Official code for the paper On Second Order Behaviour in Augmented Neural ODEs (Alexander Norcliffe, Cristian Bodnar, Ben Day, Nikola Simidjievski, Pietro Liò)

Please note: This is research code which is no longer maintained, there may be new issues. I plan to update it to be easier to run in 2023.

Abstract

Neural Ordinary Differential Equations (NODEs) are a new class of models that transform data continuously through infinite-depth architectures. The continuous nature of NODEs has made them particularly suitable for learning the dynamics of complex physical systems. While previous work has mostly been focused on first order ODEs, the dynamics of many systems, especially in classical physics, are governed by second order laws. In this work, we take a closer look at Second Order Neural ODEs (SONODEs). We show how the adjoint sensitivity method can be extended to SONODEs and prove that an alternative first order optimisation method is computationally more efficient. Furthermore, we extend the theoretical understanding of the broader class of Augmented NODEs (ANODEs) by showing they can also learn higher order dynamics, but at the cost of interpretability. This indicates that the advantages of ANODEs go beyond the extra space offered by the augmented dimensions, as originally thought. Finally, we compare SONODEs and ANODEs on synthetic and real dynamical systems and demonstrate that the inductive biases of the former generally result in faster training and better performance.

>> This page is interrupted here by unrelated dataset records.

(* Let $p$ be an odd prime, $G=\langle a,b : (a[b,a])^p,\ b^p\rangle$ and $H=G/\bigcap_{k\ge1}\gamma_k(G)$. Then $H$ is not isomorphic to $C_p*C_p$.
   Context: Commutator convention: $[x,y]=x^{-1}y^{-1}xy$. Lower central series: $\gamma_1(G)=G$, $\gamma_k(G)=[G,\gamma_{k-1}(G)]$. $C_p$ is the cyclic group of order $p$. *)

(* We develop a small theory of (possibly infinite) groups presented as
   setoids: a carrier type with an equivalence relation [geq] that the group
   operations respect.  This lets us form quotient groups and groups given
   by generators and relations without quotient types. *)
From Stdlib Require Import List Setoid Morphisms Relations.
Import ListNotations.

Record Grp := {
  gcar :> Type;
  geq : gcar -> gcar -> Prop;
  gmul : gcar -> gcar -> gcar;
  ginv : gcar -> gcar;
  gone : gcar;
  geq_equiv : Equivalence geq;
  gmul_proper : Proper (geq ==> geq ==> geq) gmul;
  ginv_proper : Proper (geq ==> geq) ginv;
  gassoc : forall x y z, geq (gmul x (gmul y z)) (gmul (gmul x y) z);
  gone_l : forall x, geq (gmul gone x) x;
  ginv_l : forall x, geq (gmul (ginv x) x) gone }.

Arguments geq {g} _ _.
Arguments gmul {g} _ _.
Arguments ginv {g} _.
Arguments gone {g}.
#[global] Existing Instance geq_equiv.
#[global] Existing Instance gmul_proper.
#[global] Existing Instance ginv_proper.

Module GrpNotation.
Infix "==" := geq (at level 70).
Infix "*" := gmul.
End GrpNotation.
Import GrpNotation.

Section GroupLemmas.
Variable G : Grp.
Implicit Types x y z : G.

Lemma ginv_r x : x * ginv x == gone.
Proof.
  rewrite <- (gone_l _ (x * ginv x)).
  rewrite <- (ginv_l _ (ginv x)) at 1.
  rewrite <- gassoc. rewrite (gassoc _ (ginv x) x (ginv x)).
  rewrite ginv_l, gone_l. apply ginv_l.
Qed.

Lemma gone_r x : x * gone == x.
Proof. rewrite <- (ginv_l _ x), gassoc, ginv_r. apply gone_l. Qed.

Lemma ginv_uniq x y : x * y == gone -> ginv x == y.
Proof.
  intro H. rewrite <- (gone_r (ginv x)), <- H, gassoc, ginv_l. apply gone_l.
Qed.

Lemma ginv_inv x : ginv (ginv x) == x.
Proof. apply ginv_uniq. apply ginv_l. Qed.

Lemma ginv_mul x y : ginv (x * y) == ginv y * ginv x.
Proof.
  apply ginv_uniq. rewrite gassoc, <- (gassoc _ x y), ginv_r, gone_r.
  apply ginv_r.
Qed.

Lemma ginv_one : ginv (gone : G) == gone.
Proof. apply ginv_uniq. apply gone_l. Qed.

End GroupLemmas.

Record is_subgroup (G : Grp) (S : G -> Prop) : Prop := {
  sg_resp : forall x y, x == y -> S x -> S y;
  sg_one : S gone;
  sg_mul : forall x y, S x -> S y -> S (x * y);
  sg_inv : forall x, S x -> S (ginv x) }.

Definition conjg {G : Grp} (x g : G) : G := ginv g * x * g.

Definition is_normal (G : Grp) (N : G -> Prop) : Prop :=
  is_subgroup G N /\ forall x g, N x -> N (conjg x g).

Section Quotient.
Variables (G : Grp) (N : G -> Prop) (HN : is_normal G N).

Definition qeq (x y : G) : Prop := N (ginv x * y).

Let Hs := proj1 HN.
Let Hc := proj2 HN.

Lemma qeq_of_geq x y : x == y -> qeq x y.
Proof.
  intro H. unfold qeq. apply (sg_resp _ _ Hs gone).
  - rewrite H. symmetry. apply ginv_l.
  - apply sg_one, Hs.
Qed.

Lemma qeq_equiv : Equivalence qeq.
Proof.
  split.
  - intro x. apply qeq_of_geq. reflexivity.
  - intros x y H. unfold qeq in *. apply (sg_resp _ _ Hs (ginv (ginv x * y))).
    + rewrite ginv_mul, ginv_inv. reflexivity.
    + apply sg_inv; auto.
  - intros x y z H1 H2. unfold qeq in *.
    apply (sg_resp _ _ Hs ((ginv x * y) * (ginv y * z))).
    + rewrite gassoc, <- (gassoc _ (ginv x)), ginv_r, gone_r. reflexivity.
    + apply sg_mul; auto.
Qed.

Lemma qmul_proper : Proper (qeq ==> qeq ==> qeq) (@gmul G).
Proof.
  intros x x' Hx y y' Hy. unfold qeq in *.
  apply (sg_resp _ _ Hs (conjg (ginv x * x') y * (ginv y * y'))).
  - unfold conjg. rewrite ginv_mul.
    rewrite <- !gassoc. apply gmul_proper; [reflexivity|].
    rewrite !gassoc. rewrite <- (gassoc _ _ y (ginv y)), ginv_r, gone_r.
    rewrite <- !gassoc. reflexivity.
  - apply sg_mul; auto.
Qed.

Lemma qinv_proper : Proper (qeq ==> qeq) (@ginv G).
Proof.
  intros x x' Hx. unfold qeq in *.
  assert (H1 : N (ginv x' * x)).
  { apply (sg_resp _ _ Hs (ginv (ginv x * x'))).
    - rewrite ginv_mul, ginv_inv. reflexivity.
    - apply sg_inv; auto. }
  apply (sg_resp _ _ Hs (conjg (ginv x' * x) (ginv x))).
  - unfold conjg. rewrite ginv_inv. rewrite <- !gassoc.
    rewrite ginv_r, gone_r. reflexivity.
  - apply Hc; auto.
Qed.

Definition quot : Grp := {|
  gcar := gcar G;
  geq := qeq;
  gmul := @gmul G;
  ginv := @ginv G;
  gone := @gone G;
  geq_equiv := qeq_equiv;
  gmul_proper := qmul_proper;
  ginv_proper := qinv_proper;
  gassoc := fun x y z => qeq_of_geq _ _ (gassoc G x y z);
  gone_l := fun x => qeq_of_geq _ _ (gone_l G x);
  ginv_l := fun x => qeq_of_geq _ _ (ginv_l G x) |}.

End Quotient.

Definition gen (G : Grp) (S : G -> Prop) (x : G) : Prop :=
  forall T, is_subgroup G T -> (forall y, S y -> T y) -> T x.

Definition commg {G : Grp} (x y : G) : G := ginv x * ginv y * x * y.

(* gamma_k(G) for k >= 1: gamma_1 = G, gamma_k = [G, gamma_(k-1)]
   (the subgroup generated by the [x,y], x in G, y in gamma_(k-1)).
   [lcs0 G n] is gamma_(n+1)(G). *)
Fixpoint lcs0 (G : Grp) (n : nat) : G -> Prop :=
  match n with
  | O => fun _ => True
  | S n => gen G (fun z => exists x y, lcs0 G n y /\ z == commg x y)
  end.

Definition lcs (G : Grp) (k : nat) : G -> Prop := lcs0 G (Nat.pred k).

Definition lcs_inter (G : Grp) (x : G) : Prop := forall k, 1 <= k -> lcs G k x.

Section LCS.
Variable G : Grp.
Implicit Types x y g : G.

Lemma gen_subgroup S : is_subgroup G (gen G S).
Proof.
  split; unfold gen; intros.
  - exact (sg_resp _ _ H1 x y H (H0 T H1 H2)).
  - apply sg_one; auto.
  - apply sg_mul; [exact H1|apply H; auto|apply H0; auto].
  - apply sg_inv; [exact H0|apply H; auto].
Qed.

Lemma conjg_mul x y g : conjg (x * y) g == conjg x g * conjg y g.
Proof.
  unfold conjg. rewrite <- !gassoc. apply gmul_proper; [reflexivity|].
  apply gmul_proper; [reflexivity|].
  rewrite (gassoc _ g (ginv g)), ginv_r, gone_l. reflexivity.
Qed.

Lemma conjg_inv x g : conjg (ginv x) g == ginv (conjg x g).
Proof.
  unfold conjg. rewrite !ginv_mul, ginv_inv, gassoc. reflexivity.
Qed.

Lemma conjg_one g : conjg gone g == gone.
Proof. unfold conjg. rewrite gone_r. apply ginv_l. Qed.

#[local] Instance conjg_proper : Proper (geq ==> geq ==> geq) (@conjg G).
Proof. intros a b H c d H'. unfold conjg. rewrite H, H'. reflexivity. Qed.

Lemma conjg_commg x y g : conjg (commg x y) g == commg (conjg x g) (conjg y g).
Proof. unfold commg. rewrite !conjg_mul, !conjg_inv. reflexivity. Qed.

Lemma gen_conj_closed (S : G -> Prop) :
  (forall x g, S x -> S (conjg x g)) -> forall x g, gen G S x -> gen G S (conjg x g).
Proof.
  intros HS x g Hx T HT HST.
  apply (Hx (fun z => T (conjg z g))).
  - split.
    + intros a b Hab Ha. eapply sg_resp; [exact HT| |exact Ha]. rewrite Hab. reflexivity.
    + apply (sg_resp _ _ HT gone); [symmetry; apply conjg_one|apply sg_one, HT].
    + intros a b Ha Hb. apply (sg_resp _ _ HT _ _ (symmetry (conjg_mul a b g))).
      apply (sg_mul _ _ HT _ _ Ha Hb).
    + intros a Ha. apply (sg_resp _ _ HT _ _ (symmetry (conjg_inv a g))).
      apply (sg_inv _ _ HT _ Ha).
  - intros y Hy. apply HST, HS, Hy.
Qed.

Lemma lcs0_normal n : is_normal G (lcs0 G n).
Proof.
  induction n as [|n IH]; simpl.
  - split; [split|]; auto.
  - split; [apply gen_subgroup|]. apply gen_conj_closed.
    intros z g (x & y & Hy & Hz). exists (conjg x g), (conjg y g). split.
    + apply (proj2 IH), Hy.
    + rewrite Hz. apply conjg_commg.
Qed.

Lemma lcs_inter_normal : is_normal G (lcs_inter G).
Proof.
  unfold lcs_inter, lcs.
  split; [split|].
  - intros x y H Hx k Hk. exact (sg_resp _ _ (proj1 (lcs0_normal _)) x y H (Hx k Hk)).
  - intros k _. apply sg_one, (proj1 (lcs0_normal _)).
  - intros x y Hx Hy k Hk. exact (sg_mul _ _ (proj1 (lcs0_normal _)) x y (Hx k Hk) (Hy k Hk)).
  - intros x Hx k Hk. exact (sg_inv _ _ (proj1 (lcs0_normal _)) x (Hx k Hk)).
  - intros x g Hx k Hk. exact (proj2 (lcs0_normal _) x g (Hx k Hk)).
Qed.

End LCS.

Definition resid_quot (G : Grp) : Grp := quot G (lcs_inter G) (lcs_inter_normal G).
(* Let $d\geq 2$, let $\rho^s$ be a state on $H_d=\mathbb{C}^d$, and let $A$ and $B$ be auxiliary qudits ($d$-dimensional systems) each prepared in $|0\rangle\langle 0|$. Then there exists an incoherent operation $\Lambda$ on $H_d\otimes H_d\otimes H_d$ such that $\Lambda(\rho^s\otimes|0\rangle\langle 0|^A\otimes|0\rangle\langle 0|^B)$ is genuinely tripartite entangled if and only if $\rho^s$ is coherent.
   Context: Coherence is with respect to the computational basis of $H_d$ and the product computational basis of $H_d^{\otimes 3}$; a state is incoherent if it is diagonal in this basis and coherent otherwise. An incoherent operation is a completely positive trace-preserving map $\Lambda(\rho)=\sum_j K_j\rho K_j^\dagger$ whose Kraus operators map incoherent states to (unnormalized) incoherent states. A pure tripartite state is biseparable if it is a product state with respect to some bipartition of the three parties into two nonempty groups; a tripartite mixed state is genuinely tripartite entangled if it cannot be written as a convex combination of biseparable pure states (possibly with respect to different bipartitions). *)

From HB Require Import structures.
From mathcomp Require Import all_boot all_order all_algebra.
From mathcomp Require Import mxtens.
Set Implicit Arguments. Unset Strict Implicit. Unset Printing Implicit Defensive.
Import Order.TTheory GRing.Theory Num.Theory.
Local Open Scope ring_scope.

Section Quantum.
Variable C : numClosedFieldType.

Definition adjmx m n (A : 'M[C]_(m, n)) : 'M[C]_(n, m) :=
  (map_mx Num.conj A)^T.

Definition density n (rho : 'M[C]_n) : Prop :=
  [/\ adjmx rho = rho,
      (forall v : 'cV[C]_n, 0 <= (adjmx v *m rho *m v) 0 0)
    & \tr rho = 1].

Definition incoherent_state n (rho : 'M[C]_n) : Prop :=
  density rho /\ is_diag_mx rho.

Definition coherent n (rho : 'M[C]_n) : Prop :=
  density rho /\ ~ incoherent_state rho.

Definition kraus_apply n k (K : 'I_k -> 'M[C]_n) (rho : 'M[C]_n) : 'M[C]_n :=
  \sum_(j < k) K j *m rho *m adjmx (K j).

Definition incoherent_op n k (K : 'I_k -> 'M[C]_n) : Prop :=
  (\sum_(j < k) adjmx (K j) *m K j = 1%:M) /\
  (forall (j : 'I_k) (delta : 'M[C]_n), incoherent_state delta ->
      is_diag_mx (K j *m delta *m adjmx (K j))).

Definition proj0 d : 'M[C]_d :=
  \matrix_(i, j) ((nat_of_ord i == 0%N) && (nat_of_ord j == 0%N))%:R.

(* index of the product basis vector |i>|j>|k> in H_d (x) H_d (x) H_d,
   consistent with the Kronecker product (A *t B) *t C of mxtens *)
Definition idx3 d (i j k : 'I_d) : 'I_(d * d * d) :=
  mxtens_index (mxtens_index (i, j), k).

ANODEs and SONODEs successfully learn the trajectory in real space of a 2D ODE for two different random initialisations. However, the augmented trajectories of ANODE are in both cases widely different from the true velocity of the ODE. In contrast, SONODE converges in both cases to the true ODE.

Getting started

We used python 3.7 for this project. To setup the virtual environment and necessary packages, please run the following commands:

$ conda create -n sonode python=3.7
$ conda activate sonode
$ pip install -r requirements.txt

You will also need to install PyTorch 1.4.0 from the official website.

Running the code

We provide a run.sh script for each experiment in the experiments folder. All programs other than the MNIST experiments can be run on a cpu and typically finish within 2 hours depending on the machine.

Citation

For attribution in academic contexts, please cite this work as

@inproceedings{norcliffe2020_sonode,
  title={On Second Order Behaviour in Augmented Neural ODEs},
  author={Alexander Norcliffe and Cristian Bodnar and Ben Day and Nikola Simidjievski and Pietro Li{\`o}},
  booktitle = {Advances in Neural Information Processing Systems},
  year={2020}
}